Most of the severest of Suharto'c critics, inside and outside of Indonesia, rightly concentrate of the gross violations of human rights during his 33 years of power. The worst of these were the mass murders of 1965 and the military occupation of East Timor.

We know from the public statements of generals such as Kemal Idris that he was given orders to "clean-up the PKI". We know from the research of historian Bonnie Tryanna, that Suharto's attorney General, Ali Said, sent a circular around the country clarifying that no action was to be taken against anybody killing those supposedly sympathetic with the 30th September Movement. We know the mass murders were state policy, under Suharto. And there are many other examples of these very, bloody violations.

But there was another victim of Suharto's rule: the Indonesian nation. Suharto was an anti-Indonesian. There are a number of aspects to this.

Perhaps the most discussed among political economists was his surrender of national sovereignty over the Indonesian economy. He surrendered the whole post-1965 restructuring of the Indonesian economy to an assembly of multinational corporation CEOs who met in Switzerland in 1967. As a result, Indonesia, the fourth most populous country in the world, has never industrialized. This is despite receiving tens of billions of dollars from the export of oil, gas and timber and tens of billions more in aid and loans from the West. Suharto was happy for Indonesia to be minor outsource center for garment, footwear and other light manufacturing assembly. No heavy industry, no engineering industry or other middle level industry was ever developed.

A report by the United Nations Industrial Development Organisation (UNIDO) in 2000 listed Indonesia near the bottom of the list of countries with any kind of diversification or depth of industrialization.
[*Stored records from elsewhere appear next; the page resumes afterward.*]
(* Let $a,b$ be distinct assertion variables. The implication $$(-*a*b)\wedge(a*a)\ \Rightarrow\ (-*a*a)\vee(-*-*b)$$ holds in the unary interpretation (for every $\eta$ and every $\rho:\mathsf{AVar}\to\mathsf{IRel}_1$), but fails in the binary interpretation: with $\rho(a)=\{([1],[])\}^\uparrow\cup\{([2],[2])\}^\uparrow$ and $\rho(b)=\mathsf{Heap}^2$, the pair $([1,2],[2])$ belongs to the binary meaning of the left side but not to that of the right side.
   Context: $\mathsf{Heap}$: finite partial functions $\mathsf{PosInt}\to\mathsf{Int}$; $[]$ the empty heap; $[m]$ the heap storing $0$ at location $m$ and nothing else, and $[m_1,m_2]=[m_1]\cdot[m_2]$ for distinct $m_1,m_2$; $g\sqsubseteq h$ means $h$ extends $g$; $h\cdot g$ union of disjoint heaps; componentwise on $\mathsf{Heap}^n$; $S^\uparrow$ is the upward closure of a set $S$ of tuples. $\mathsf{IRel}_n$: upward closed subsets of $\mathsf{Heap}^n$; $p*q=\{\mathbf f\cdot\mathbf g\mid\mathbf f\in p,\mathbf g\in q,\text{componentwise disjoint}\}$; $\Delta_n(X)=\{(h_1,\dots,h_n)\mid\exists f\in X.\ \forall k.\ f\sqsubseteq h_k\}$ for $X\subseteq\mathsf{Heap}$. Assertion semantics with $\eta$ and $\rho:\mathsf{AVar}\to\mathsf{IRel}_n$: primitive assertions mean $\Delta_n$ of their standard set of heaps, variables $a$ mean $\rho(a)$, $\wedge,\vee,*$ mean $\cap,\cup,*$, $\exists$ means union over integer values. The assertion $-$ abbreviates $\exists x,y.\,x\hookrightarrow y$, whose standard set of heaps is the set of heaps with non-empty domain. Binary: $n=2$; unary: $n=1$. *)

From mathcomp Require Import all_boot.
From Stdlib Require Import ZArith PArith List.
Set Implicit Arguments. Unset Strict Implicit. Unset Printing Implicit Defensive.

(** Heaps: finite partial functions PosInt -> Int. *)
Definition heap : Type :=
  {h : positive -> option Z | exists l : list positive, forall p, h p <> None -> List.In p l}.
Definition hfun (h : heap) : positive -> option Z := proj1_sig h.

Definition hsub (g h : heap) : Prop :=
  forall p v, hfun g p = Some v -> hfun h p = Some v.
Definition hdisj (g h : heap) : Prop :=
  forall p, hfun g p = None \/ hfun h p = None.
Definition hunion_is (h f g : heap) : Prop :=
  forall p, hfun h p = match hfun f p with Some v => Some v | None => hfun g p end.

Definition htuple (n : nat) : Type := 'I_n -> heap.

(** upward closed subsets of Heap^n (elements of IRel_n) *)
Definition upclosed (n : nat) (S : htuple n -> Prop) : Prop :=
  forall f h : htuple n, S f -> (forall k, hsub (f k) (h k)) -> S h.

Definition Delta (n : nat) (X : heap -> Prop) : htuple n -> Prop :=
  fun h => exists f, X f /\ forall k, hsub f (h k).

Definition sstar (n : nat) (p q : htuple n -> Prop) : htuple n -> Prop :=
  fun h => exists f g, p f /\ q g /\
    forall k, hdisj (f k) (g k) /\ hunion_is (h k) (f k) (g k).

Definition sand (n : nat) (p q : htuple n -> Prop) : htuple n -> Prop :=
  fun h => p h /\ q h.
Definition sor (n : nat) (p q : htuple n -> Prop) : htuple n -> Prop :=
  fun h => p h \/ q h.

Definition pointsto_std (x y : Z) : heap -> Prop :=
  fun h => exists p : positive, x = Zpos p /\ hfun h p = Some y.

(** the assertion  −  :=  ∃x,y. x ↪ y  *)
Definition dash (n : nat) : htuple n -> Prop :=
  fun h => exists x y : Z, @Delta n (pointsto_std x y) h.

(** LHS and RHS of the implication, interpreted with ρ(a)=A, ρ(b)=B *)
Definition lhs17 (n : nat) (A B : htuple n -> Prop) : htuple n -> Prop :=
  sand (sstar (sstar (@dash n) A) B) (sstar A A).
Definition rhs17 (n : nat) (A B : htuple n -> Prop) : htuple n -> Prop :=
  sor (sstar (sstar (@dash n) A) A) (sstar (sstar (@dash n) (@dash n)) B).

Lemma hcell_fin (m : positive) : exists l : list positive,
  forall p, (if Pos.eqb p m then Some 0%Z else None) <> None -> List.In p l.
Proof.
  exists (m :: nil) => p; case E: (Pos.eqb p m) => // _.
  by move/Pos.eqb_eq: E => ->; left.
Qed.
Definition hcell (m : positive) : heap :=
  exist _ (fun p => if Pos.eqb p m then Some 0%Z else None) (hcell_fin m).

Lemma hcell2_fin (m1 m2 : positive) : exists l : list positive,
  forall p, (if Pos.eqb p m1 then Some 0%Z else if Pos.eqb p m2 then Some 0%Z else None)
              <> None -> List.In p l.
Proof.
  exists (m1 :: m2 :: nil) => p.
  case E1: (Pos.eqb p m1); first by move/Pos.eqb_eq: E1 => -> _; left.
  case E2: (Pos.eqb p m2) => // _; by move/Pos.eqb_eq: E2 => ->; right; left.
Qed.
Definition hcell2 (m1 m2 : positive) : heap :=
  exist _ (fun p => if Pos.eqb p m1 then Some 0%Z else if Pos.eqb p m2 then Some 0%Z else None)
        (hcell2_fin m1 m2).

Lemma hemp_fin : exists l : list positive,
  forall p, (fun _ : positive => @None Z) p <> None -> List.In p l.
Proof. by exists nil. Qed.
Definition hemp : heap := exist _ (fun _ => None) hemp_fin.

Definition pair2 (h1 h2 : heap) : htuple 2 :=
  fun k => if nat_of_ord k == 0 then h1 else h2.

Definition upset1 (n : nat) (t : htuple n) : htuple n -> Prop :=
  fun h => forall k, hsub (t k) (h k).

Definition rhoA2 : htuple 2 -> Prop :=
  fun h => upset1 (pair2 (hcell 1) hemp) h \/ upset1 (pair2 (hcell 2) (hcell 2)) h.
Definition rhoB2 : htuple 2 -> Prop := fun _ => True.

From mathcomp Require Import all_boot.
From Stdlib Require Import ZArith PArith Classical.

Set Implicit Arguments.
Unset Strict Implicit.

(* An
   upward closed A ⊆ Heap^1 either contains the empty heap, and is then all
   of Heap^1 (so B ⊆ A and (-*a*b) ⊆ (-*a*a)), or consists of non-empty
   heaps only, and then A ⊆ "-" (so (-*a*b) ⊆ (-*-*b)).  Both cases follow
   from monotonicity of the separating conjunction.

   In Heap^2 the second alternative fails: ([1],[]) ∈ ρ(a) is
   non-empty without being in "-", whose elements must share a cell in both
   components.  For h = ([1,2],[2]) every splitting of h into three disjoint
   pieces d·x·y with d ∈ "-" puts the cell 2 of the second component into d;
   then x, y ∈ ρ(a) must both be above ([1],[]) and clash on the cell 1,
   while x, y ∈ "-" would both need the cell 2. *)

Definition hsplit (h f g : heap) : Prop := hdisj f g /\ hunion_is h f g.

Lemma hsub_refl (h : heap) : hsub h h.
Proof. by []. Qed.

Lemma hsub_trans (f g h : heap) : hsub f g -> hsub g h -> hsub f h.
Proof. by move=> Hfg Hgh p v /Hfg /Hgh. Qed.

Lemma hsub_empty (f g : heap) : (forall p, hfun f p = None) -> hsub f g.
Proof. by move=> Ef p v; rewrite Ef. Qed.

Lemma hsplit_sub (h f g : heap) : hsplit h f g -> hsub f h /\ hsub g h.
Proof.
move=> [Hd Hu]; split=> p v Hp; rewrite Hu.
- by rewrite Hp.
- by case: (Hd p) => E; [rewrite E | rewrite E in Hp].
Qed.

Lemma hsplit_comm (h f g : heap) : hsplit h f g -> hsplit h g f.
Proof.
move=> [Hd Hu]; split=> p; first by case: (Hd p); [right | left].
by rewrite Hu; case: (Hd p) => ->; case: (hfun f p); case: (hfun g p).
Qed.

Lemma hsplit_emp_r (h : heap) : hsplit h h hemp.
Proof. by split=> p; [right | rewrite /=; case: (hfun h p)]. Qed.

Lemma hsplit_emp_l (h : heap) : hsplit h hemp h.
Proof. exact/hsplit_comm/hsplit_emp_r. Qed.

Lemma hsplit_hcell2 (m1 m2 : positive) :
  m1 <> m2 -> hsplit (hcell2 m1 m2) (hcell m1) (hcell m2).
Proof.
move=> Hm; split=> p; rewrite /hfun /=.
- case: (Pos.eqb_spec p m1) => [-> | _]; last by left.
  by right; case: (Pos.eqb_spec m1 m2).
- by case: (Pos.eqb p m1).
Qed.

Lemma hdisj_sub_l (f f' g : heap) : hsub f f' -> hdisj f' g -> hdisj f g.
Proof.
move=> Hf Hd p; case E: (hfun f p) => [v|]; last by left.
by case: (Hd p) => [|->]; [rewrite (Hf _ _ E) | right].
Qed.

Lemma hdisj_shared (f g : heap) (p : positive) :
  hfun f p <> None -> hfun g p <> None -> ~ hdisj f g.
Proof. by move=> Hf Hg /(_ p) []. Qed.

Lemma sstar_mono (n : nat) (p p' q q' : htuple n -> Prop) (h : htuple n) :
  sstar p q h -> (forall t, p t -> p' t) -> (forall t, q t -> q' t) ->
  sstar p' q' h.
Proof. by move=> [f [g [Hf [Hg Hfg]]]] Hp Hq; exists f, g; split; [apply: Hp | split; [apply: Hq|]]. Qed.

Lemma sstar3E (n : nat) (p q r : htuple n -> Prop) (h : htuple n) :
  sstar (sstar p q) r h ->
  exists x y z, p x /\ q y /\ r z /\ forall k,
    [/\ hsub (x k) (h k), hsub (y k) (h k), hsub (z k) (h k) &
        [/\ hdisj (x k) (y k), hdisj (x k) (z k) & hdisj (y k) (z k)]].
Proof.
move=> [f [z [[x [y [Hx [Hy Hxy]]]] [Hz Hfz]]]].
exists x, y, z; do 3 split=> //; move=> k.
have [Sxf Syf] := hsplit_sub (Hxy k).
have [Sfh Szh] := hsplit_sub (Hfz k).
have Dfz : hdisj (f k) (z k) := (Hfz k).1.
split; [exact: hsub_trans Sxf Sfh | exact: hsub_trans Syf Sfh | exact: Szh |].
split; [exact: (Hxy k).1 | exact: hdisj_sub_l Sxf Dfz | exact: hdisj_sub_l Syf Dfz].
Qed.

Lemma dash_intro (n : nat) (f : heap) (p : positive) (v : Z) (t : htuple n) :
  hfun f p = Some v -> (forall k, hsub f (t k)) -> dash t.
Proof. by move=> Hp Hf; exists (Zpos p), v, f; split=> //; exists p. Qed.

Lemma dash_below_cell (n : nat) (d : htuple n) (k : 'I_n) (m : positive) :
  dash d -> hsub (d k) (hcell m) -> hfun (d k) m <> None.
Proof.
move=> [x [y [f [[p [_ Hp]] Hf]]]] Hm.
have Hdk := Hf k p y Hp; have := Hm p y Hdk; rewrite [hfun (hcell m) p]/hfun /=.
by case: (Pos.eqb_spec p m) => // <- _; rewrite Hdk.
Qed.

Lemma upset1_upclosed (n : nat) (t : htuple n) : upclosed (upset1 t).
Proof. by move=> f h Hf Hfh k; apply: hsub_trans (Hf k) (Hfh k). Qed.

Lemma sor_upclosed (n : nat) (p q : htuple n -> Prop) :
  upclosed p -> upclosed q -> upclosed (sor p q).
Proof. by move=> Up Uq f h [Hf | Hf] Hfh; [left; apply: Up Hf _ | right; apply: Uq Hf _]. Qed.

Lemma upclosed_empty_full (n : nat) (A : htuple n -> Prop) (e : htuple n) :
  upclosed A -> A e -> (forall k p, hfun (e k) p = None) -> forall t, A t.
Proof. by move=> UA Ae Ee t; apply: UA Ae _ => k; apply: hsub_empty. Qed.

Lemma unary_dash (t : htuple 1) (p : positive) :
  hfun (t ord0) p <> None -> dash t.
Proof.
case E: (hfun (t ord0) p) => [v|] // _.
by apply: (dash_intro E) => k; rewrite (ord1 k); apply: hsub_refl.
Qed.

Lemma unary_dichotomy (A : htuple 1 -> Prop) :
  upclosed A -> (forall t, A t) \/ (forall t, A t -> dash t).
Proof.
move=> UA; case: (classic (exists t, A t /\ hfun (t ord0) =1 fun _ => None)).
- move=> [e [Ae Ee]]; left; apply: (upclosed_empty_full UA Ae) => k p.
  by rewrite (ord1 k) Ee.
- move=> Hne; right=> t At; apply: NNPP => Nd; apply: Hne; exists t; split=> // p.
  by apply: NNPP => Hp; apply: Nd; apply: unary_dash Hp.
Qed.

Lemma unary_implication (A B : htuple 1 -> Prop) :
  upclosed A -> forall h, sstar (sstar (@dash 1) A) B h -> rhs17 A B h.
Proof.
move=> UA h Hh; case: (unary_dichotomy UA) => [Afull | Adash].
- by left; apply: (sstar_mono Hh) => // t _; apply: Afull.
- by right; apply: (sstar_mono Hh) => // t Ht; apply: (sstar_mono Ht).
Qed.

Definition k0 : 'I_2 := @Ordinal 2 0 erefl.
Definition k1 : 'I_2 := @Ordinal 2 1 erefl.

Lemma ord2_ind (P : 'I_2 -> Prop) : P k0 -> P k1 -> forall k, P k.
Proof.
move=> P0 P1 [[|[|m]] Hm] //.
- by rewrite (_ : Ordinal Hm = k0) //; apply: val_inj.
- by rewrite (_ : Ordinal Hm = k1) //; apply: val_inj.
Qed.

Lemma rhoA2_upclosed : upclosed rhoA2.
Proof. exact/sor_upclosed/upset1_upclosed/upset1_upclosed. Qed.

Lemma rhoA2_cells (a : htuple 2) :
  rhoA2 a -> hfun (a k0) 1%positive <> None \/ hfun (a k1) 2%positive <> None.
Proof. by case=> Ha; [left; rewrite (Ha k0 1%positive 0%Z) | right; rewrite (Ha k1 2%positive 0%Z)]. Qed.

Lemma hsplit12 : hsplit (hcell2 1 2) (hcell 1) (hcell 2).
Proof. exact: hsplit_hcell2. Qed.

(* ([1,2],[2]) = ([2],[2]) · ([1],[]) with ([2],[2]) ∈ "-" and ([1],[]) ∈ ρ(a),
   and also = ([1],[]) · ([2],[2]) with both factors in ρ(a). *)
Lemma binary_lhs : lhs17 rhoA2 rhoB2 (pair2 (hcell2 1 2) (hcell 2)).
Proof.
have A1 : rhoA2 (pair2 (hcell 1) hemp) by left=> k; apply: hsub_refl.
have A2 : rhoA2 (pair2 (hcell 2) (hcell 2)) by right=> k; apply: hsub_refl.
split.
- exists (pair2 (hcell2 1 2) (hcell 2)), (pair2 hemp hemp); split; last first.
    by split=> //; apply: ord2_ind; apply: hsplit_emp_r.
  exists (pair2 (hcell 2) (hcell 2)), (pair2 (hcell 1) hemp); split.
    by apply: (@dash_intro _ (hcell 2) 2%positive 0%Z) => //; apply: ord2_ind.
  split=> //; apply: ord2_ind; [exact: hsplit_comm hsplit12 | exact: hsplit_emp_r].
- exists (pair2 (hcell 1) hemp), (pair2 (hcell 2) (hcell 2)); do 2 split=> //.
  by apply: ord2_ind; [exact: hsplit12 | exact: hsplit_emp_l].
Qed.

Lemma binary_rhs_fails : ~ rhs17 rhoA2 rhoB2 (pair2 (hcell2 1 2) (hcell 2)).
Proof.
case=> /sstar3E [d [x [y [Hd [Hx [Hy Hk]]]]]];
  have [Sd1 Sx1 _ [Dx1 Dy1 _]] := Hk k1;
  have Hd2 := dash_below_cell Hd Sd1.
- (* x, y ∈ ρ(a) avoid the cell 2 on the right, so both own the cell 1 on the left *)
  have left1 b : rhoA2 b -> hdisj (d k1) (b k1) -> hfun (b k0) 1%positive <> None.
    by move=> /rhoA2_cells [// | Hb2] /(hdisj_shared Hd2 Hb2).
  have [_ _ _ [_ _ Dxy0]] := Hk k0.
  exact: hdisj_shared (left1 x Hx Dx1) (left1 y Hy Dy1) Dxy0.
- (* both factors in "-" would need the cell 2 on the right *)
  exact: hdisj_shared Hd2 (dash_below_cell Hx Sx1) Dx1.
Qed.

Theorem mainTheorem17 :
  (* unary interpretation: the implication holds for every ρ : AVar -> IRel_1
     (a, b distinct, so ρ(a), ρ(b) are arbitrary independent elements of IRel_1) *)
  (forall A B : htuple 1 -> Prop, upclosed A -> upclosed B ->
     forall h : htuple 1, lhs17 A B h -> rhs17 A B h)
  /\
  (* binary interpretation: the specific counterexample *)
  (upclosed rhoA2 /\ upclosed rhoB2 /\
   lhs17 rhoA2 rhoB2 (pair2 (hcell2 1 2) (hcell 2)) /\
   ~ rhs17 rhoA2 rhoB2 (pair2 (hcell2 1 2) (hcell 2))).
Proof.
split.
- by move=> A B UA _ h [Hh _]; apply: unary_implication Hh.
- split; first exact: rhoA2_upclosed.
  split; first by [].
  split; [exact: binary_lhs | exact: binary_rhs_fails].
Qed.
In a damning assessment of what amounted to an abandonment of any attempt to industrialise, UNIDO stated:

"The pattern of Indonesian industrialization differed from that of other countries... Between 1985 and 1997, the contribution of higher technology industries to manufacturing value-added did not increase,.. virtually all countries in the region and elsewhere have maintained the share of medium-technology industries in their manufacturing output."

This was before the Asian financial crisis. Only low technology manufacturing expanded – the "coolie" based industries. While Sukarno had fought against Indonesia becoming "a nation of coolies, and a coolie among nations", Suharto turned Indonesia precisely into a coolie nation. A massive two thirds of the workforce – 60 million plus – accounted for only 5-6% of total manufacturing value added!

Meanwhile billions of dollars have left and are leaving the country in the form of interest on debt repayments and profit repatriation. Now, every time an Indonesian worker bites into a piece of tempe or tahu, money leaves the country.

But Suharto's anti-Indonesianness goes beyond his sale of his country and people as coolies. Suharto also set in motion policies that have and are still destroying the base of Indonesian national culture.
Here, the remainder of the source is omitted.